For the last few weeks I have been reading 1776 by David McCullough. Back when I started travelling in May I needed a book to read. My wife suggested this one, and we already had it so I took it. I will admit that for the first 50 pages or so I was rather bored. There was a lot of information to process. And the author starts tossing around names and introducing people so fast that I was starting to lose track. It was only until his description of George Washington and the battle in Boston that I really got pulled in.

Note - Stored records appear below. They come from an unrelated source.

(* The theory $\mathsf{Seq}$ is an extension of the theory $\mathsf{WSeq}$: for every $\mathcal{L}$-formula $\phi$, if $\mathsf{WSeq}\vdash\phi$ then $\mathsf{Seq}\vdash\phi$.
   Context: $\mathcal{L}=\{e,\vdash,\circ\}$ with $e$ a constant and $\vdash$ (infix), $\circ$ binary function symbols. $\mathsf{Seq}$ has axioms: ($\mathsf{Seq}_1$) $\forall xy[x\vdash y\neq e]$; ($\mathsf{Seq}_2$) $\forall x_1x_2y_1y_2[x_1\vdash x_2=y_1\vdash y_2\rightarrow(x_1=y_1\wedge x_2=y_2)]$; ($\mathsf{Seq}_3$) $\forall x[x\circ e=x]$; ($\mathsf{Seq}_4$) $\forall xyz[x\circ(y\vdash z)=(x\circ y)\vdash z]$; ($\mathsf{Seq}_5$) $\forall x[x=e\vee\exists yz[x=y\vdash z]]$. Sequences: $()$ is a sequence, and for $n>0$, if $s_1,\ldots,s_n$ are sequences then $(s_1,\ldots,s_n)$ is one. Sequerals: $\overline{()}=e$, $\overline{(s_1,\ldots,s_n)}=(\ldots((e\vdash\overline{s_1})\vdash\overline{s_2})\ldots)\vdash\overline{s_n}$. $x\sqsubseteq t$ abbreviates $\exists y[x\circ y=t]$. $\mathsf{WSeq}$ has axiom schemes: ($\mathsf{WSeq}_1$) $\overline{s}\neq\overline{t}$ for distinct sequences $s,t$; ($\mathsf{WSeq}_2$) $\overline{(s_1,\ldots,s_n)}\circ\overline{(t_1,\ldots,t_m)}=\overline{(s_1,\ldots,s_n,t_1,\ldots,t_m)}$; ($\mathsf{WSeq}_3$) $\forall x[x\sqsubseteq\overline{s}\rightarrow\bigvee_{t\in I(s)}x=\overline{t}]$ where $I(s)$ is the set of initial segments of $s$. *)

From Stdlib Require Import List.
Import ListNotations.

Inductive term : Type :=
| var : nat -> term
| e : term
| turn : term -> term -> term
| comp : term -> term -> term.

Inductive form : Type :=
| Eq : term -> term -> form
| Bot : form
| Imp : form -> form -> form
| And : form -> form -> form
| Or : form -> form -> form
| All : form -> form
| Ex : form -> form.

Definition Not (A : form) : form := Imp A Bot.

Fixpoint tsubst (sigma : nat -> term) (t : term) : term :=
  match t with
  | var n => sigma n
  | e => e
  | turn a b => turn (tsubst sigma a) (tsubst sigma b)
  | comp a b => comp (tsubst sigma a) (tsubst sigma b)
  end.

Definition shift : nat -> term := fun n => var (S n).

Definition scons (t : term) (sigma : nat -> term) : nat -> term :=
  fun n => match n with 0 => t | S k => sigma k end.

Definition up (sigma : nat -> term) : nat -> term :=
  scons (var 0) (fun n => tsubst shift (sigma n)).

Fixpoint fsubst (sigma : nat -> term) (A : form) : form :=
  match A with
  | Eq s t => Eq (tsubst sigma s) (tsubst sigma t)
  | Bot => Bot
  | Imp A B => Imp (fsubst sigma A) (fsubst sigma B)
  | And A B => And (fsubst sigma A) (fsubst sigma B)
  | Or A B => Or (fsubst sigma A) (fsubst sigma B)
  | All A => All (fsubst (up sigma) A)
  | Ex A => Ex (fsubst (up sigma) A)
  end.

Definition inst (t : term) (A : form) : form := fsubst (scons t var) A.

Inductive nd : list form -> form -> Prop :=
| nd_ax G A : In A G -> nd G A
| nd_impI G A B : nd (A :: G) B -> nd G (Imp A B)
| nd_impE G A B : nd G (Imp A B) -> nd G A -> nd G B
| nd_botE G A : nd G Bot -> nd G A
| nd_dne G A : nd G (Not (Not A)) -> nd G A
| nd_andI G A B : nd G A -> nd G B -> nd G (And A B)
| nd_andE1 G A B : nd G (And A B) -> nd G A
| nd_andE2 G A B : nd G (And A B) -> nd G B
| nd_orI1 G A B : nd G A -> nd G (Or A B)
| nd_orI2 G A B : nd G B -> nd G (Or A B)
| nd_orE G A B C : nd G (Or A B) -> nd (A :: G) C -> nd (B :: G) C -> nd G C
| nd_allI G A : nd (map (fsubst shift) G) A -> nd G (All A)
| nd_allE G A t : nd G (All A) -> nd G (inst t A)
| nd_exI G A t : nd G (inst t A) -> nd G (Ex A)
| nd_exE G A B : nd G (Ex A) -> nd (A :: map (fsubst shift) G) (fsubst shift B) -> nd G B
| nd_refl G t : nd G (Eq t t)
| nd_leibniz G A s t : nd G (Eq s t) -> nd G (inst s A) -> nd G (inst t A).

Definition proves (T : form -> Prop) (phi : form) : Prop :=
  exists G : list form, (forall psi, In psi G -> T psi) /\ nd G phi.

Definition Seq1 : form := All (All (Not (Eq (turn (var 1) (var 0)) e))).
Definition Seq2 : form :=
  All (All (All (All
    (Imp (Eq (turn (var 3) (var 2)) (turn (var 1) (var 0)))
         (And (Eq (var 3) (var 1)) (Eq (var 2) (var 0))))))).
Definition Seq3 : form := All (Eq (comp (var 0) e) (var 0)).
Definition Seq4 : form :=
  All (All (All (Eq (comp (var 2) (turn (var 1) (var 0)))
                    (turn (comp (var 2) (var 1)) (var 0))))).
Definition Seq5 : form :=
  All (Or (Eq (var 0) e) (Ex (Ex (Eq (var 2) (turn (var 1) (var 0)))))).

Definition SeqAx (phi : form) : Prop :=
  phi = Seq1 \/ phi = Seq2 \/ phi = Seq3 \/ phi = Seq4 \/ phi = Seq5.

(* node [] = (), node [s1;...;sn] = (s1,...,sn) *)
Inductive sequence : Type := node : list sequence -> sequence.

Fixpoint numeral (s : sequence) : term :=
  match s with
  | node l =>
      (fix go (acc : term) (l : list sequence) : term :=
         match l with
         | [] => acc
         | x :: r => go (turn acc (numeral x)) r
         end) e l
  end.

Definition init_segs (s : sequence) : list sequence :=
  match s with
  | node l => map (fun k => node (firstn k l)) (seq 0 (S (length l)))
  end.

Definition bigOr (l : list form) : form := fold_right Or Bot l.

Definition WSeq1 (s t : sequence) : form := Not (Eq (numeral s) (numeral t)).
Definition WSeq2 (l1 l2 : list sequence) : form :=
  Eq (comp (numeral (node l1)) (numeral (node l2))) (numeral (node (l1 ++ l2))).
(* forall x [ (exists y, x o y = s) -> \/_{t in I(s)} x = t ] *)
Definition WSeq3 (s : sequence) : form :=
  All (Imp (Ex (Eq (comp (var 1) (var 0)) (numeral s)))
           (bigOr (map (fun t => Eq (var 0) (numeral t)) (init_segs s)))).

Definition WSeqAx (phi : form) : Prop :=
  (exists s t, s <> t /\ phi = WSeq1 s t) \/
  (exists l1 l2, phi = WSeq2 l1 l2) \/
  (exists s, phi = WSeq3 s).

(* A sequeral is built from e by
   right-appending with |-, so:
   - distinct sequerals are refuted by induction on the sequences, using that
     e is not of the form a |- b (Seq1) and that |- is injective (Seq2);
   - the concatenation equations WSeq2 follow by induction on the right factor
     from Seq3 and Seq4;
   - for WSeq3, Seq5 splits y into e or u |- v; in the second case Seq4 and Seq2
     reduce x o (u |- v) = (s1,...,sn) to x o u = (s1,...,s(n-1)), and induction
     applies.
   A Seq-proof of phi is then obtained by cutting these derivations into the
   given WSeq-proof. *)
From Stdlib Require Import List Lia Classical.
Import ListNotations.

Lemma tsubst_comp s t u : tsubst s (tsubst t u) = tsubst (fun n => tsubst s (t n)) u.
Proof. induction u; simpl; congruence. Qed.

Lemma tsubst_ext s t u : (forall n, s n = t n) -> tsubst s u = tsubst t u.
Proof. intro H; induction u; simpl; congruence. Qed.

Lemma tsubst_id u : tsubst var u = u.
Proof. induction u; simpl; congruence. Qed.

Lemma tsubst_scons_shift u s t : tsubst (scons u s) (tsubst shift t) = tsubst s t.
Proof. rewrite tsubst_comp. apply tsubst_ext. reflexivity. Qed.

Lemma tsubst_up_shift s t : tsubst (up s) (tsubst shift t) = tsubst shift (tsubst s t).
Proof. rewrite !tsubst_comp. apply tsubst_ext. reflexivity. Qed.

Ltac simpl_inst H :=
  unfold inst in H; simpl in H;
  repeat rewrite ?tsubst_up_shift, ?tsubst_scons_shift, ?tsubst_id in H.

Lemma nd_weaken G G' A : nd G A -> incl G G' -> nd G' A.
Proof.
  intros H; revert G'; induction H; intros G' Hi; try solve [econstructor; eauto].
  - apply nd_impI, IHnd, incl_cons; [now left | now apply incl_tl].
  - apply nd_orE with A B; auto.
    + apply IHnd2, incl_cons; [now left | now apply incl_tl].
    + apply IHnd3, incl_cons; [now left | now apply incl_tl].
  - apply nd_allI, IHnd, incl_map, Hi.
  - apply nd_exE with A; auto.
    apply IHnd2, incl_cons; [now left | apply incl_tl, incl_map, Hi].
Qed.

Fixpoint imps (G : list form) (B : form) : form :=
  match G with [] => B | A :: G' => imps G' (Imp A B) end.

Lemma nd_imps_intro G B : nd G B -> nd [] (imps G B).
Proof. revert B; induction G; simpl; intros B H; auto using nd_impI. Qed.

It goes to show how little I knew about the revolution. High school history doesn’t do it justice. July 4th, Independence Day, is celebrated now with much fanfare, but back in 1776, July 4th, and the signing of the declaration was actually the start of a downhill slide for America. One that almost became impossible to pull out of except for the resolve of one man, and a quick turning point during Christmas of 1776. In regards to George Washington, the author sums him up pretty well:
“He was not a brilliant strategist or tactician, not a gifted orator, not an intellectual. At several crucial moments he had shown marked indecisiveness. He had made serious mistakes in judgement. But experience had been his great teacher from boyhood, and in this his greatest test, he learned steadily from experience. Above all, Washington never forgot what was at stake and he never gave up.” - 1776, p. 293
I would highly recommend the book. It made me want to go back to Virginia and tour the historical sites there again. Then I would head north through Maryland, Pennsylvania, and New Jersey, seeing everything along the way.